(* Let $r(n)$ be the Golay–Rudin–Shapiro sequence defined by $r(0)=1$, $r(2n)=r(n)$, $r(2n+1)=(-1)^n r(n)$. Then in the ring of formal power series $\mathbb{Z}[[z]]$, $$\sum_{k\ge 0}(-1)^k z^{2^k-1}=\cfrac{1}{1+\cfrac{r(0)r(2)z}{1+\cfrac{r(1)r(3)z}{1+\cfrac{r(2)r(4)z}{1+\cdots}}}}.$$
   Context: The infinite continued fraction $\frac{1}{1+\frac{c_0z}{1+\frac{c_1z}{1+\cdots}}}$ with $c_n=r(n)r(n+2)\in\{\pm1\}$ is understood as the formal power series limit of its finite truncations (the $N$-th truncation agrees with the limit up to order $z^N$). Explicitly the right-hand side is $\frac{1}{1+\frac{z}{1-\frac{z}{1+\frac{z}{1-\cdots}}}}$ at the start. *)

From mathcomp Require Import all_boot all_order all_algebra.
Set Implicit Arguments. Unset Strict Implicit. Unset Printing Implicit Defensive.
Import Order.TTheory GRing.Theory Num.Theory.
Local Open Scope ring_scope.

(* A formal power series in Z[[z]]: its coefficient sequence. *)
Definition ps := nat -> int.

Definition ps_one : ps := fun n => if n == 0%N then 1 else 0.
Definition ps_add (f g : ps) : ps := fun n => f n + g n.
Definition ps_scale (c : int) (f : ps) : ps := fun n => c * f n.
Definition ps_mulz (f : ps) : ps := fun n => if n is m.+1 then f m else 0.
Definition ps_mul (f g : ps) : ps :=
  fun n => \sum_(i < n.+1) f i * g (n - i)%N.

Fixpoint ps_inv_seq (f : ps) (n : nat) : seq int :=
  match n with
  | 0 => [:: 1]
  | n'.+1 => let s := ps_inv_seq f n' in
             rcons s (- \sum_(j < n'.+1) f j.+1 * nth 0 s (n' - j)%N)
  end.

(* Multiplicative inverse in Z[[z]] of a series with constant term 1
   (only ever applied to such series below). *)
Definition ps_inv (f : ps) : ps := fun n => nth 0 (ps_inv_seq f n) n.

(* N-th truncation of the continued fraction
     1/(1 + c_m z/(1 + c_{m+1} z/(1 + ... /(1 + c_{m+N-1} z))))
   with cf_trunc c m 0 = 1. *)
Fixpoint cf_trunc (c : nat -> int) (m N : nat) : ps :=
  match N with
  | 0 => ps_one
  | N'.+1 => ps_inv (ps_add ps_one (ps_scale (c m) (ps_mulz (cf_trunc c m.+1 N'))))
  end.

(* Coefficients of sum_{k>=0} (-1)^k z^(2^k - 1); only k <= n can contribute
   to the coefficient of z^n since 2^k - 1 >= k. *)
Definition lhs_series : ps :=
  fun n => \sum_(k < n.+1) (if (2 ^ k - 1)%N == n then (-1) ^+ k else 0).

(* Let F_m be the tail 1/(1 + c_m z/(1 + c_{m+1} z/(1 + ...))) of the continued
   fraction and d_n = r(n) r(n+1).  The Rudin-Shapiro recurrences give
   c_{2n} = d_n, c_{2n+1} = -d_n and c_n = d_n d_{n+1}, and these relations make
   the even part of the continued fraction contract onto itself:
   F_{2n}(z) = 1 - d_n z F_n(z^2).  Since d_0 = 1, F_0 satisfies
   f(z) = 1 - z f(z^2), which determines a series with constant term 1 and is
   also satisfied by the sum of the (-1)^k z^(2^k-1).  All of this is carried out
   on truncations, as congruences of integer polynomials modulo z^K. *)

From mathcomp Require Import all_boot all_order all_algebra.
From mathcomp Require Import ring zify.
Import GRing.Theory.
Local Open Scope ring_scope.

Set Implicit Arguments. Unset Strict Implicit.

Implicit Types (K L : nat) (p q s A Y P Q U V W : {poly int}) (f g : ps).

Definition eqmodX K p q := exists h, p - q = 'X^K * h.

Lemma eqmodXP K p q : eqmodX K p q <-> (forall i, (i < K)%N -> p`_i = q`_i).
Proof.
split=> [[h Eh] i ltiK | eq_pq].
  by apply/eqP; rewrite -subr_eq0 -coefB Eh coefXnM ltiK.
have take0 : take_poly K (p - q) = 0.
  apply/polyP => i; rewrite coef_take_poly coef0 coefB.
  by case: ifP => // /eq_pq ->; rewrite subrr.
exists (drop_poly K (p - q)).
by rewrite -{1}(poly_take_drop K (p - q)) take0 add0r mulrC.
Qed.

Lemma eqmodX_refl K p : eqmodX K p p.
Proof. by exists 0; rewrite subrr mulr0. Qed.

Lemma eqmodX_trans K p q s : eqmodX K p q -> eqmodX K q s -> eqmodX K p s.
Proof.
by move=> [h Eh] [h' Eh']; exists (h + h'); rewrite mulrDr -Eh -Eh' addrA subrK.
Qed.

Lemma eqmodXM K p q p' q' :
  eqmodX K p q -> eqmodX K p' q' -> eqmodX K (p * p') (q * q').
Proof.
move=> [h Eh] [h' Eh']; exists (h * p' + q * h').
have -> : p * p' - q * q' = (p - q) * p' + q * (p' - q') by ring.
by rewrite Eh Eh'; ring.
Qed.

Lemma eqmodX_le K K' p q : (K <= K')%N -> eqmodX K' p q -> eqmodX K p q.
Proof.
move=> leKK' /eqmodXP eq_pq; apply/eqmodXP => i ltiK.
by rewrite eq_pq ?(leq_trans ltiK).
Qed.

Lemma eqmodX_compX2 K p q :
  eqmodX K p q -> eqmodX K.*2 (p \Po 'X^2) (q \Po 'X^2).
Proof.
move=> [h Eh]; exists (h \Po 'X^2).
by rewrite -comp_polyB Eh comp_polyM comp_Xn_poly -exprM mul2n.
Qed.

Lemma eqmodX_inv_uniq K p q q' :
  eqmodX K (p * q) 1 -> eqmodX K (p * q') 1 -> eqmodX K q q'.
Proof.
move=> [h Eh] [h' Eh']; exists (q' * h - q * h').
have -> : q - q' = q' * (p * q - 1) - q * (p * q' - 1) by ring.
by rewrite Eh Eh'; ring.
Qed.

Lemma eqmodX_inv_sub K P Q U V :
  eqmodX K (P * U) 1 -> eqmodX K (Q * V) 1 -> eqmodX K (U - V) (U * V * (Q - P)).
Proof.
move=> [h Eh] [h' Eh']; exists (V * h - U * h').
have -> : U - V - U * V * (Q - P) = V * (P * U - 1) - U * (Q * V - 1) by ring.
by rewrite Eh Eh'; ring.
Qed.

Lemma contraction_step K (d d' : int) A Y U V W :
  eqmodX K A (1 - d'%:P * 'X * Y) ->
  eqmodX K.+1 ((1 - d%:P * 'X * A) * U) 1 ->
  eqmodX K.+1 ((1 + (d * d')%:P * 'X^2 * Y) * V) 1 ->
  eqmodX K.+2 ((1 + d%:P * 'X * U) * W) 1 ->
  eqmodX K.+2 W (1 - d%:P * 'X * V).
Proof.
move=> [h Eh] hU hV hW; apply: eqmodX_inv_uniq hW _.
pose P := 1 - d%:P * 'X * (1 - d'%:P * 'X * Y).
pose Q := 1 + (d * d')%:P * 'X^2 * Y.
have hPU : eqmodX K.+1 (P * U) 1.
  apply: eqmodX_trans hU; apply: eqmodXM (eqmodX_refl _ _).
  exists (d%:P * h).
  have -> : P - (1 - d%:P * 'X * A) = d%:P * 'X * (A - (1 - d'%:P * 'X * Y)).
    by rewrite /P; ring.
  by rewrite Eh exprS; ring.
(* Q - P = d X, so U - V = d X U V mod X^K.+1: the factors 1 + d X U and
   1 - d X V are inverse mod X^K.+2. *)
have [g Eg] := eqmodX_inv_sub hPU hV.
exists (d%:P * g).
have -> : (1 + d%:P * 'X * U) * (1 - d%:P * 'X * V) - 1 =
          d%:P * 'X * (U - V - U * V * (Q - P)).
  by rewrite /P /Q; ring.
by rewrite Eg !exprS; ring.
Qed.

Definition ps_trunc L f : {poly int} := \poly_(i < L) f i.

Definition cf_step (x : int) g : ps :=
  ps_inv (ps_add ps_one (ps_scale x (ps_mulz g))).

Lemma size_ps_inv_seq f n : size (ps_inv_seq f n) = n.+1.
Proof. by elim: n => //= n IHn; rewrite size_rcons IHn. Qed.

Lemma nth_ps_inv_seq f n k :
  (k <= n)%N -> nth 0 (ps_inv_seq f n) k = ps_inv f k.
Proof.
elim: n => [|n IHn]; first by rewrite leqn0 => /eqP ->.
rewrite leq_eqVlt => /orP[/eqP -> //|ltkn].
by rewrite /= nth_rcons size_ps_inv_seq ltkn IHn.
Qed.

Lemma ps_invS f n :
  ps_inv f n.+1 = - \sum_(j < n.+1) f j.+1 * ps_inv f (n - j)%N.
Proof.
rewrite {1}/ps_inv /= nth_rcons size_ps_inv_seq ltnn eqxx.
by congr (- _); apply: eq_bigr => j _; rewrite nth_ps_inv_seq ?leq_subr.
Qed.

Lemma ps_trunc_mul_inv L f :
  f 0%N = 1 -> eqmodX L (ps_trunc L f * ps_trunc L (ps_inv f)) 1.
Proof.
move=> f0; apply/eqmodXP => i ltiL; rewrite coefM coef1.
under eq_bigr => j _ do rewrite !coef_poly
  (leq_ltn_trans (leq_ord j) ltiL) (leq_ltn_trans (leq_subr _ _) ltiL).
case: i ltiL => [|i] _; first by rewrite big_ord1 f0 mul1r.
rewrite big_ord_recl f0 mul1r subn0 ps_invS.
under [X in _ + X]eq_bigr => j _ do rewrite subSS.
by rewrite addNr.
Qed.

Lemma ps_trunc_cf_step L x g :
  eqmodX L ((1 + x%:P * 'X * ps_trunc L g) * ps_trunc L (cf_step x g)) 1.
Proof.
rewrite /cf_step; set f := ps_add _ _.
have f0 : f 0%N = 1 by rewrite /f /ps_add /ps_scale /= mulr0 addr0.
apply: eqmodX_trans (ps_trunc_mul_inv L f0).
apply: eqmodXM (eqmodX_refl _ _); apply/eqmodXP => i ltiL.
rewrite coefD coef1 -mulrA coefCM coefXM !coef_poly ltiL.
rewrite /f /ps_add /ps_one /ps_scale /ps_mulz.
by case: i ltiL => [|i] ltiL /=; rewrite ?mulr0 // (ltnW ltiL) add0r.
Qed.

Lemma cf_trunc_coef0 c m N : cf_trunc c m N 0%N = 1.
Proof. by case: N. Qed.

Lemma cf_truncS c m N : cf_trunc c m N.+1 = cf_step (c m) (cf_trunc c m.+1 N).
Proof. by []. Qed.

(* The coefficientwise form of f(z) = 1 - z f(z^2) modulo z^N. *)
Definition halving_eq_upto N (f : ps) :=
  f 0%N = 1 /\
  forall n, (n.+1 < N)%N -> f n.+1 = - (if (2 %| n)%N then f (n %/ 2)%N else 0).

Lemma halving_eq_upto_uniq N f g :
  halving_eq_upto N f -> halving_eq_upto N g -> forall n, (n < N)%N -> f n = g n.
Proof.
move=> [f0 fS] [g0 gS]; elim/ltn_ind => -[|n] IH ltnN; first by rewrite f0 g0.
have lt_half : (n %/ 2 < n.+1)%N by rewrite ltnS leq_div.
by rewrite fS // gS // IH // (ltn_trans lt_half).
Qed.

Section Contraction.
Variables c d : nat -> int.
Hypothesis c_even : forall n, c (2 * n)%N = d n.
Hypothesis c_odd : forall n, c (2 * n).+1 = - d n.
Hypothesis c_mul : forall n, c n = d n * d n.+1.

Lemma cf_trunc_contraction K n N M L :
  (K <= N)%N -> (K <= (2 * M).+1)%N -> (K <= L)%N ->
  eqmodX K (ps_trunc L (cf_trunc c (2 * n) N))
           (1 - (d n)%:P * 'X * (ps_trunc L (cf_trunc c n M) \Po 'X^2)).
Proof.
elim/ltn_ind: K n N M => K IH n N M leKN leKM leKL.
case: K IH leKN leKM leKL => [|[|K]] IH leKN leKM leKL.
1,2: apply/eqmodXP => -[|//] lt0K; rewrite coefB coef1 -mulrA coefCM coefXM.
1,2: by rewrite coef_poly (leq_trans lt0K leKL) cf_trunc_coef0 mulr0 subr0.
case: N leKN => [|[|a]] // leKN; case: M leKM => [|b] // leKM.
rewrite !cf_truncS c_even c_odd (c_mul n).
have hA : eqmodX K (ps_trunc L (cf_trunc c (2 * n).+2 a))
  (1 - (d n.+1)%:P * 'X * (ps_trunc L (cf_trunc c n.+1 b) \Po 'X^2)).
  by rewrite -add2n -mulnS; apply: IH; lia.
have hU := ps_trunc_cf_step L (- d n) (cf_trunc c (2 * n).+2 a).
rewrite polyCN !mulNr in hU.
have hV := eqmodX_compX2 (ps_trunc_cf_step L (d n * d n.+1) (cf_trunc c n.+1 b)).
rewrite comp_polyM comp_polyD !comp_polyM !comp_polyC comp_polyX polyC1 in hV.
have hW := ps_trunc_cf_step L (d n) (cf_step (- d n) (cf_trunc c (2 * n).+2 a)).
apply: contraction_step hA (eqmodX_le _ hU) (eqmodX_le _ hV) (eqmodX_le _ hW); lia.
Qed.

Lemma cf_trunc_halving N : d 0%N = 1 -> halving_eq_upto N (cf_trunc c 0 N).
Proof.
move=> d0; split=> [|n ltnN]; first exact: cf_trunc_coef0.
have leN : (n.+2 <= (2 * N).+1)%N by lia.
have /eqmodXP/(_ n.+1 (ltnSn _)) :=
  cf_trunc_contraction 0 ltnN leN ltnN.
rewrite coefB coef1 -mulrA coefCM coefXM !coef_poly ltnN d0 mul1r muln0 /= => ->.
rewrite sub0r coef_comp_poly_Xn // coef_poly; case: ifP => // _.
by rewrite (leq_ltn_trans (leq_div n 2)) // ltnW.
Qed.
End Contraction.

Lemma lhs_seriesE n b : (n < b)%N ->
  lhs_series n = \sum_(k < b) (if (2 ^ k - 1 == n)%N then (-1) ^+ k else 0).
Proof.
move=> ltnb; rewrite /lhs_series.
rewrite (big_ord_widen b (fun k => if (2 ^ k - 1 == n)%N then (-1) ^+ k else 0) ltnb).
rewrite big_mkcond /=.
apply: eq_bigr => k _; case: ltnP => // lenk; rewrite ifF //; apply/eqP.
by have := ltn_expl k (isT : (1 < 2)%N); lia.
Qed.

Lemma lhs_series_halving N : halving_eq_upto N lhs_series.
Proof.
split=> [|n _]; first by rewrite /lhs_series big_ord1.
rewrite {1}/lhs_series big_ord_recl /= add0r.
case: ifP => [/dvdnP[j ->] | odd_n].
  rewrite mulnK // (lhs_seriesE (n := j) (b := (j * 2).+1)); last by lia.
  rewrite -sumrN; apply: eq_bigr => k _.
  have pos_k := expn_gt0 2 k; rewrite /bump add1n expnS exprS mulN1r.
  have -> : (2 * 2 ^ k - 1 == (j * 2).+1)%N = (2 ^ k - 1 == j)%N.
    by apply/eqP/eqP; lia.
  by case: eqP; rewrite ?oppr0.
rewrite oppr0 big1 // => k _; rewrite ifF //; apply/eqP.
have pos_k := expn_gt0 2 k; rewrite /bump add1n expnS; lia.
Qed.

Section RudinShapiro.
Variable r : nat -> int.
Hypothesis r0 : r 0%N = 1.
Hypothesis r_even : forall n, r (2 * n)%N = r n.
Hypothesis r_odd : forall n, r (2 * n + 1)%N = (-1) ^+ n * r n.

Lemma rs_sqr n : r n * r n = 1.
Proof.
elim/ltn_ind: n => -[|n] IH; first by rewrite r0 mulr1.
have lt_half : ((n.+1)./2 < n.+1)%N by lia.
rewrite -[n.+1]odd_double_half -mul2n addnC; case: (odd n.+1) => /=.
  by rewrite r_odd mulrACA -expr2 sqrr_sign mul1r IH.
by rewrite addn0 r_even IH.
Qed.

Lemma rs_prod_even n : r (2 * n)%N * r (2 * n + 2)%N = r n * r n.+1.
Proof. by rewrite -mulnSr r_even r_even. Qed.

Lemma rs_prod_odd n : r (2 * n).+1 * r ((2 * n).+1 + 2)%N = - (r n * r n.+1).
Proof.
rewrite -addn1 (_ : (2 * n + 1 + 2 = 2 * n.+1 + 1)%N); last by lia.
rewrite !r_odd exprS.
transitivity (- ((-1) ^+ n * (-1) ^+ n) * (r n * r n.+1)); first by ring.
by rewrite -expr2 sqrr_sign mulN1r.
Qed.

Lemma rs_prod_shift2 n :
  r n * r (n + 2)%N = (r n * r n.+1) * (r n.+1 * r n.+2).
Proof. by rewrite addn2 mulrA -(mulrA (r n)) rs_sqr mulr1. Qed.

Lemma rs_prod0 : r 0%N * r 1%N = 1.
Proof. by have := r_odd 0; rewrite muln0 add0n expr0 mul1r r0 => ->; rewrite mulr1. Qed.

End RudinShapiro.

Unset Implicit Arguments.

Theorem corollary5p12 (r : nat -> int)
  (hr0 : r 0%N = 1)
  (hreven : forall n : nat, r (2 * n)%N = r n)
  (hrodd : forall n : nat, r (2 * n + 1)%N = (-1) ^+ n * r n) :
  forall N n : nat, (n < N)%N ->
    cf_trunc (fun k => r k * r (k + 2)%N) 0 N n = lhs_series n.
Proof.
move=> N; apply: halving_eq_upto_uniq (lhs_series_halving N).
apply: (cf_trunc_halving (d := fun n => r n * r n.+1)).
- exact: rs_prod_even.
- exact: rs_prod_odd.
- exact: rs_prod_shift2 hr0 hreven hrodd.
- exact: rs_prod0 hr0 hrodd.
Qed.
═══
## WHAT TO WORK ON
From the data above, show each line that contains "exact".

## TASK ANSWER
move=> d0; split=> [|n ltnN]; first exact: cf_trunc_coef0.
- exact: rs_prod_even.
- exact: rs_prod_odd.
- exact: rs_prod_shift2 hr0 hreven hrodd.
- exact: rs_prod0 hr0 hrodd.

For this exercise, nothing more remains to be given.